Dataset entries:

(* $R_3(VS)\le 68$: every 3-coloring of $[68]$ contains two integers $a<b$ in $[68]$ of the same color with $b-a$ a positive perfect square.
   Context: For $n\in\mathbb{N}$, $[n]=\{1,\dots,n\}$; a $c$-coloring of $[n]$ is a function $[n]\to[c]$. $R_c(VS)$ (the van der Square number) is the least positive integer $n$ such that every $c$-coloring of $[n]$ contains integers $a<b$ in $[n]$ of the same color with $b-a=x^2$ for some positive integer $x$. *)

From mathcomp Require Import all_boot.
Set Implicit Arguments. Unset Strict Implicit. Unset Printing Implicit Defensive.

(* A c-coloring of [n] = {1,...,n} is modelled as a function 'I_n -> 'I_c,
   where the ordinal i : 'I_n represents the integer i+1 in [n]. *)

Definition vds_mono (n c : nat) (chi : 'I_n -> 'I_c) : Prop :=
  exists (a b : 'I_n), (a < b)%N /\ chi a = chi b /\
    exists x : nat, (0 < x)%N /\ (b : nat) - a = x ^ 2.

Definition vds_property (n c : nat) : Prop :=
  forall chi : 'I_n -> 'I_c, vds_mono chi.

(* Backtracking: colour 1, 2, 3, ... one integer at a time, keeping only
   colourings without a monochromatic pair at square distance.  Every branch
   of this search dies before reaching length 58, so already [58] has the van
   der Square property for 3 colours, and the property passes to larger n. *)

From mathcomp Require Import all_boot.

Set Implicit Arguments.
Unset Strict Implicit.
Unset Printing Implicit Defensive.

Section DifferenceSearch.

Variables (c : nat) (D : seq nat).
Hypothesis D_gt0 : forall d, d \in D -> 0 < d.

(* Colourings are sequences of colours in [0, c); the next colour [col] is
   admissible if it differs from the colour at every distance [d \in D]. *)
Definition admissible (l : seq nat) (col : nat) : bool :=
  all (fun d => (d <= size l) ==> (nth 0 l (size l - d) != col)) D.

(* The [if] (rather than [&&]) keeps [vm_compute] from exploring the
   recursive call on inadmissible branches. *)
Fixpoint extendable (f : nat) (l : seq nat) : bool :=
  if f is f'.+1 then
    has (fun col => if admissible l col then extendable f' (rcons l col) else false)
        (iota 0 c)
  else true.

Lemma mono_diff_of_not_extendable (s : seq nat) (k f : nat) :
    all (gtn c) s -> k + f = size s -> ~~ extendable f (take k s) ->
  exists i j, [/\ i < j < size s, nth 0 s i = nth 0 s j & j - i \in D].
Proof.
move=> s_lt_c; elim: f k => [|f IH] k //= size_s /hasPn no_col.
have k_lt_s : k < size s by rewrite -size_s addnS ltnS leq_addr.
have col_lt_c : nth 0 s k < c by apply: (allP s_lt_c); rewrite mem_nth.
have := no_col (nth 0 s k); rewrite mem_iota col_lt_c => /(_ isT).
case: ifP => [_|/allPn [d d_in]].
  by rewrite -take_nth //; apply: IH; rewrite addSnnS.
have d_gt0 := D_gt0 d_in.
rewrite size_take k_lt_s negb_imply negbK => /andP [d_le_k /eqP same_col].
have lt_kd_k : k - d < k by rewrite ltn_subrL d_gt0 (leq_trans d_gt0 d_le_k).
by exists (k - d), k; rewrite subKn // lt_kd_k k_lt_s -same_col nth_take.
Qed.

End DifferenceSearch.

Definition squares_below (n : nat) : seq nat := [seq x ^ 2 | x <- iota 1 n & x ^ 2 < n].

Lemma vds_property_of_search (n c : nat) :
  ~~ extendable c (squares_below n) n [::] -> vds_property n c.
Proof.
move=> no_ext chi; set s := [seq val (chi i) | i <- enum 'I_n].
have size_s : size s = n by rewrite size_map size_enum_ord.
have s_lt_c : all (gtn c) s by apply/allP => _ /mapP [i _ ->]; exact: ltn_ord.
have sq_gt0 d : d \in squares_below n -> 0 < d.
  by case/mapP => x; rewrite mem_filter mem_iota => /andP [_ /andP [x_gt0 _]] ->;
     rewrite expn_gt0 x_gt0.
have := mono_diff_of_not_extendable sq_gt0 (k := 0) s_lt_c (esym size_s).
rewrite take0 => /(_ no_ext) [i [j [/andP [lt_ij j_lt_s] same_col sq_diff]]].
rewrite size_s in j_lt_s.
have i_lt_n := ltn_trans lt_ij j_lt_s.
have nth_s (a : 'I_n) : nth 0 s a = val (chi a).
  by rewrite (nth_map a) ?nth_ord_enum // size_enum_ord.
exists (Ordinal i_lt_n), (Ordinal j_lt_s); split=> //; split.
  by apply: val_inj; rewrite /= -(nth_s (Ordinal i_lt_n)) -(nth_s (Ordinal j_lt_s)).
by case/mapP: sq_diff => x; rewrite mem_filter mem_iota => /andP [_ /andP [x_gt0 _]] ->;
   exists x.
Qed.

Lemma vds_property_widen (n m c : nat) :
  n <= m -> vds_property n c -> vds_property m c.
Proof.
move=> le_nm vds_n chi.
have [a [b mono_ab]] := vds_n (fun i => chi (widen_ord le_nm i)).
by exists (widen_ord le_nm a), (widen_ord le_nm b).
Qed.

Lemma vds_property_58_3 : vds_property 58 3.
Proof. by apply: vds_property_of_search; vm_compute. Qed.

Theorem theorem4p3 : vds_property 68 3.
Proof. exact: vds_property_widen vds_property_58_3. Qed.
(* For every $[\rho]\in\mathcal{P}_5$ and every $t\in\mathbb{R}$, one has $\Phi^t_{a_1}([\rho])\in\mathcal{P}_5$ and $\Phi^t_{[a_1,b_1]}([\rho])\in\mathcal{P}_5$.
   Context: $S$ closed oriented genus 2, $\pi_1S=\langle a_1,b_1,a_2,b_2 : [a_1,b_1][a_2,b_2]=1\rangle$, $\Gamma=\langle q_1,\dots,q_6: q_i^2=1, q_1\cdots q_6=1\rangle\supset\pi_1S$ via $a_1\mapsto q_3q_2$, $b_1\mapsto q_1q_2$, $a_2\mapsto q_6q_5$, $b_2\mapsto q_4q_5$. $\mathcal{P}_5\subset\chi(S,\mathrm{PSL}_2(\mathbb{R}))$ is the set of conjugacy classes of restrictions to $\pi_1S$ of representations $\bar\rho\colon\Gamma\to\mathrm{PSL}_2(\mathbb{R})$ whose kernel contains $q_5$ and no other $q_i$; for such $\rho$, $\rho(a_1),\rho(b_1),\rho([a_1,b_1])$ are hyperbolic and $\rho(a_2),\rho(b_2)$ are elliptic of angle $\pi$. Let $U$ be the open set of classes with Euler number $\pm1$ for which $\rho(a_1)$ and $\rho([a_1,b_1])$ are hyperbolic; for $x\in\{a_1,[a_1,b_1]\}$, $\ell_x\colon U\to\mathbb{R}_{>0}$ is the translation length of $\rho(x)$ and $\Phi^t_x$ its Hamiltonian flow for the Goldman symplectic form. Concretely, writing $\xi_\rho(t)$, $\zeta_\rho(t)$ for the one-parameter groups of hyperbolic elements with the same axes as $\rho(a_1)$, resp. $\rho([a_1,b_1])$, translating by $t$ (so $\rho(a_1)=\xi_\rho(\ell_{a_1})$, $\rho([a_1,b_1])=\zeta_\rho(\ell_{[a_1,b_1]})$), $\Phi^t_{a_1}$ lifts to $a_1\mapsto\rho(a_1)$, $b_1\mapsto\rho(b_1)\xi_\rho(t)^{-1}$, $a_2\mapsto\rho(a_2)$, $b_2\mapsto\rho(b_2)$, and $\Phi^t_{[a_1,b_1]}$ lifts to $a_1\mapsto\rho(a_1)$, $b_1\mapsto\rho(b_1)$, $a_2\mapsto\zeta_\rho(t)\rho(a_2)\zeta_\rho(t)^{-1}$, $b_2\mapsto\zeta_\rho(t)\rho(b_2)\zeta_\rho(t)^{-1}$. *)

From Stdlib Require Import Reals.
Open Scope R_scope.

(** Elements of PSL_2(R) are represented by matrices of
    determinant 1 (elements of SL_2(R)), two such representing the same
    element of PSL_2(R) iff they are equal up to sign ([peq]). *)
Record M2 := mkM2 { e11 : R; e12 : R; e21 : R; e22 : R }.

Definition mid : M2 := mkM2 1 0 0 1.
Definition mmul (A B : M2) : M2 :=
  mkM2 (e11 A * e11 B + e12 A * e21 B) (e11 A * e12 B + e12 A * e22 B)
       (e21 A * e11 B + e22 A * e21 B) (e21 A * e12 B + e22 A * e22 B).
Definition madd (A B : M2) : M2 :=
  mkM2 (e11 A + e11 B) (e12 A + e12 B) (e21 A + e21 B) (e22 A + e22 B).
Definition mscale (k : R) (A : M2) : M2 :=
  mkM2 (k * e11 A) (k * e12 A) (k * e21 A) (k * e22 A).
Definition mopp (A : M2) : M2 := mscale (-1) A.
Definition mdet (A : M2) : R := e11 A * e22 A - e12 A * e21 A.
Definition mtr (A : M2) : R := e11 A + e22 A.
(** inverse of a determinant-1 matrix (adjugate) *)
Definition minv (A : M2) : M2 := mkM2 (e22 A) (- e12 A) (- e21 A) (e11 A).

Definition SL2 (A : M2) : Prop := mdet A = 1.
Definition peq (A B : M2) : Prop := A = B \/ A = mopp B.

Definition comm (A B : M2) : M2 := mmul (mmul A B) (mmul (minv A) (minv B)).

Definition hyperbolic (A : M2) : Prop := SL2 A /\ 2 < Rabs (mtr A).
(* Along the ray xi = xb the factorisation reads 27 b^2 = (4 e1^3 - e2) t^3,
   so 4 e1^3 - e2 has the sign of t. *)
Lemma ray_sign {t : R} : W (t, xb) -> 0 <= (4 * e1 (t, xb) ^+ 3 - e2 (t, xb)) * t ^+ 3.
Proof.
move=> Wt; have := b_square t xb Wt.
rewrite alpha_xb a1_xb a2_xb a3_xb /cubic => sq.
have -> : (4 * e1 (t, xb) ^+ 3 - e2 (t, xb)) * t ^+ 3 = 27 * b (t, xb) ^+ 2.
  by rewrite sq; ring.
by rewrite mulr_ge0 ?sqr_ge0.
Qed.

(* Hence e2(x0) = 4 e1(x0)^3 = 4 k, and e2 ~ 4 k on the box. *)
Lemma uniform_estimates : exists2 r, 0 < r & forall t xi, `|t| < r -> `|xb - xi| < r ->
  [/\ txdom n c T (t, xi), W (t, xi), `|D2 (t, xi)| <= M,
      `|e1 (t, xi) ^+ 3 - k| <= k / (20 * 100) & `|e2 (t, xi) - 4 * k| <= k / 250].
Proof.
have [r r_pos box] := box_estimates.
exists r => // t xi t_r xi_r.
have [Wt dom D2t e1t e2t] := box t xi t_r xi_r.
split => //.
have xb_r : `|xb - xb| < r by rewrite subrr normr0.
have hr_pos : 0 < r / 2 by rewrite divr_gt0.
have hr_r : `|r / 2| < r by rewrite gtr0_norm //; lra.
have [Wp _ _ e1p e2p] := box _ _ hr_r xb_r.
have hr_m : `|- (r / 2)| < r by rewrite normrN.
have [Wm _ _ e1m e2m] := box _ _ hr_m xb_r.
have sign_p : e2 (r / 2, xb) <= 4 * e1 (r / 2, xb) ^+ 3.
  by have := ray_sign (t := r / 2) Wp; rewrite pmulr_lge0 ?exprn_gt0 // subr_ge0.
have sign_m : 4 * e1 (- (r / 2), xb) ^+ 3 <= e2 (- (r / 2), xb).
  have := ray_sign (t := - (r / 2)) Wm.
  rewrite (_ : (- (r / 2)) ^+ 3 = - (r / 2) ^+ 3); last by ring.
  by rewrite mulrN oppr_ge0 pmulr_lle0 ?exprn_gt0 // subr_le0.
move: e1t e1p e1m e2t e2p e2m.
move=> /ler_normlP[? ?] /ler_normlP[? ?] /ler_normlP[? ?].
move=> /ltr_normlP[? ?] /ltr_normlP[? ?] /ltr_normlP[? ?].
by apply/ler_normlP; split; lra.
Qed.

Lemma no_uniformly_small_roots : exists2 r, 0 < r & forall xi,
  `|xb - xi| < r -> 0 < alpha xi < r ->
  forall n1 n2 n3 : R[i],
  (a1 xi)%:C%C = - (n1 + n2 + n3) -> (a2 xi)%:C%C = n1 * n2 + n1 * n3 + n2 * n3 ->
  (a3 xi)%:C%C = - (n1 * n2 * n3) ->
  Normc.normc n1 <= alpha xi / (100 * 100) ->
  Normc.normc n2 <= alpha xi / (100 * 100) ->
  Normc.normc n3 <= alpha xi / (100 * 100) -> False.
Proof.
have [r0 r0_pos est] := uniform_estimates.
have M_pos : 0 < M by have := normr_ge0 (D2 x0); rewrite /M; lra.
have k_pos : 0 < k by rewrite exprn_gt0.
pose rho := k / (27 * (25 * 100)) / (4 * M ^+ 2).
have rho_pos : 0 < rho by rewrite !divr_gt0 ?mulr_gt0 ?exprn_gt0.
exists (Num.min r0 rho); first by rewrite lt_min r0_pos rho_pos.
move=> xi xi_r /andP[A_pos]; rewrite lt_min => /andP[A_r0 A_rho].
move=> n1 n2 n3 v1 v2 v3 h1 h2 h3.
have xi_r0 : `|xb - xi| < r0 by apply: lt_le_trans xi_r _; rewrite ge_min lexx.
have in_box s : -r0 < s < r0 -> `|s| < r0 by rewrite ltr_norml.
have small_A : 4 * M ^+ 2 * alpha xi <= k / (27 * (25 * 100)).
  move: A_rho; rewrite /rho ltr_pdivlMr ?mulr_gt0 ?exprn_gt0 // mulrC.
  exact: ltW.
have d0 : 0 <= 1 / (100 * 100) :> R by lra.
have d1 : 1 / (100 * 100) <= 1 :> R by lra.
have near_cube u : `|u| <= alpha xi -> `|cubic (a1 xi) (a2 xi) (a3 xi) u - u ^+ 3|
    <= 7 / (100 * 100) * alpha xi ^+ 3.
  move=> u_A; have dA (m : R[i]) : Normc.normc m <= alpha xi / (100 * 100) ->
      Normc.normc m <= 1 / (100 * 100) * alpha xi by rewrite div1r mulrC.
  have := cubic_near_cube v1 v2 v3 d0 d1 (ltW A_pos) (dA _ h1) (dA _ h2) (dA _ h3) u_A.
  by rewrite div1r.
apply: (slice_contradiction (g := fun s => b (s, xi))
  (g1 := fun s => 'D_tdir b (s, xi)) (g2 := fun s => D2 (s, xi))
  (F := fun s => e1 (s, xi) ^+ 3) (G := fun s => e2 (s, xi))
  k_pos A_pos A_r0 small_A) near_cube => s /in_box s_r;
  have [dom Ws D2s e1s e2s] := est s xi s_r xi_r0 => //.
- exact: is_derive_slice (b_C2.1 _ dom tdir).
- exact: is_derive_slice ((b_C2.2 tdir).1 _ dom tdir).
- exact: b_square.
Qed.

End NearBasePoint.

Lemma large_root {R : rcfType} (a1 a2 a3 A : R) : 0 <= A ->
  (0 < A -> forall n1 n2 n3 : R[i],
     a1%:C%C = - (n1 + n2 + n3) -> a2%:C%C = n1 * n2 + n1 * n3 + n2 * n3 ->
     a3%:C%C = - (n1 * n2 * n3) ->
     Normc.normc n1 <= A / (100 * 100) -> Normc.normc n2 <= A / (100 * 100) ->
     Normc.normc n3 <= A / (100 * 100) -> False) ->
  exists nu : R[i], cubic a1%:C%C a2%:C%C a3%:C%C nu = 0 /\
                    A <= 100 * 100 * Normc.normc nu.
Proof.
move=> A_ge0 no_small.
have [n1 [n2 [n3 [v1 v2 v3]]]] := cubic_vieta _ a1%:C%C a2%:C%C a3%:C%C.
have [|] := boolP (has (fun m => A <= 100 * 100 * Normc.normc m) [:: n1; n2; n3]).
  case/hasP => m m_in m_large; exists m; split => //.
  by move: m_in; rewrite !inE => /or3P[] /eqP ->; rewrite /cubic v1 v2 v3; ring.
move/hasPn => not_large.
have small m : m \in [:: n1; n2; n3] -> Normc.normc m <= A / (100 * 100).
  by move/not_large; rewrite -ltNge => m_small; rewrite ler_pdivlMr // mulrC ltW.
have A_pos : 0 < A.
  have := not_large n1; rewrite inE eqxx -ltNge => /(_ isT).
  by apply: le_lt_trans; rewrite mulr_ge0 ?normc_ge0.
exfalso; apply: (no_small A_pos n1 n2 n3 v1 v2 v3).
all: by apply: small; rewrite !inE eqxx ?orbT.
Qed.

**Work order**
An exact copy of the lines above between the line holding "Lemma vds_property_58_3 : vds_property 58 3." and the line holding "(* For every", inclusive, is the whole answer.

**Answer for this exercise**
Lemma vds_property_58_3 : vds_property 58 3.
Proof. by apply: vds_property_of_search; vm_compute. Qed.

Theorem theorem4p3 : vds_property 68 3.
Proof. exact: vds_property_widen vds_property_58_3. Qed.
(* For every $[\rho]\in\mathcal{P}_5$ and every $t\in\mathbb{R}$, one has $\Phi^t_{a_1}([\rho])\in\mathcal{P}_5$ and $\Phi^t_{[a_1,b_1]}([\rho])\in\mathcal{P}_5$.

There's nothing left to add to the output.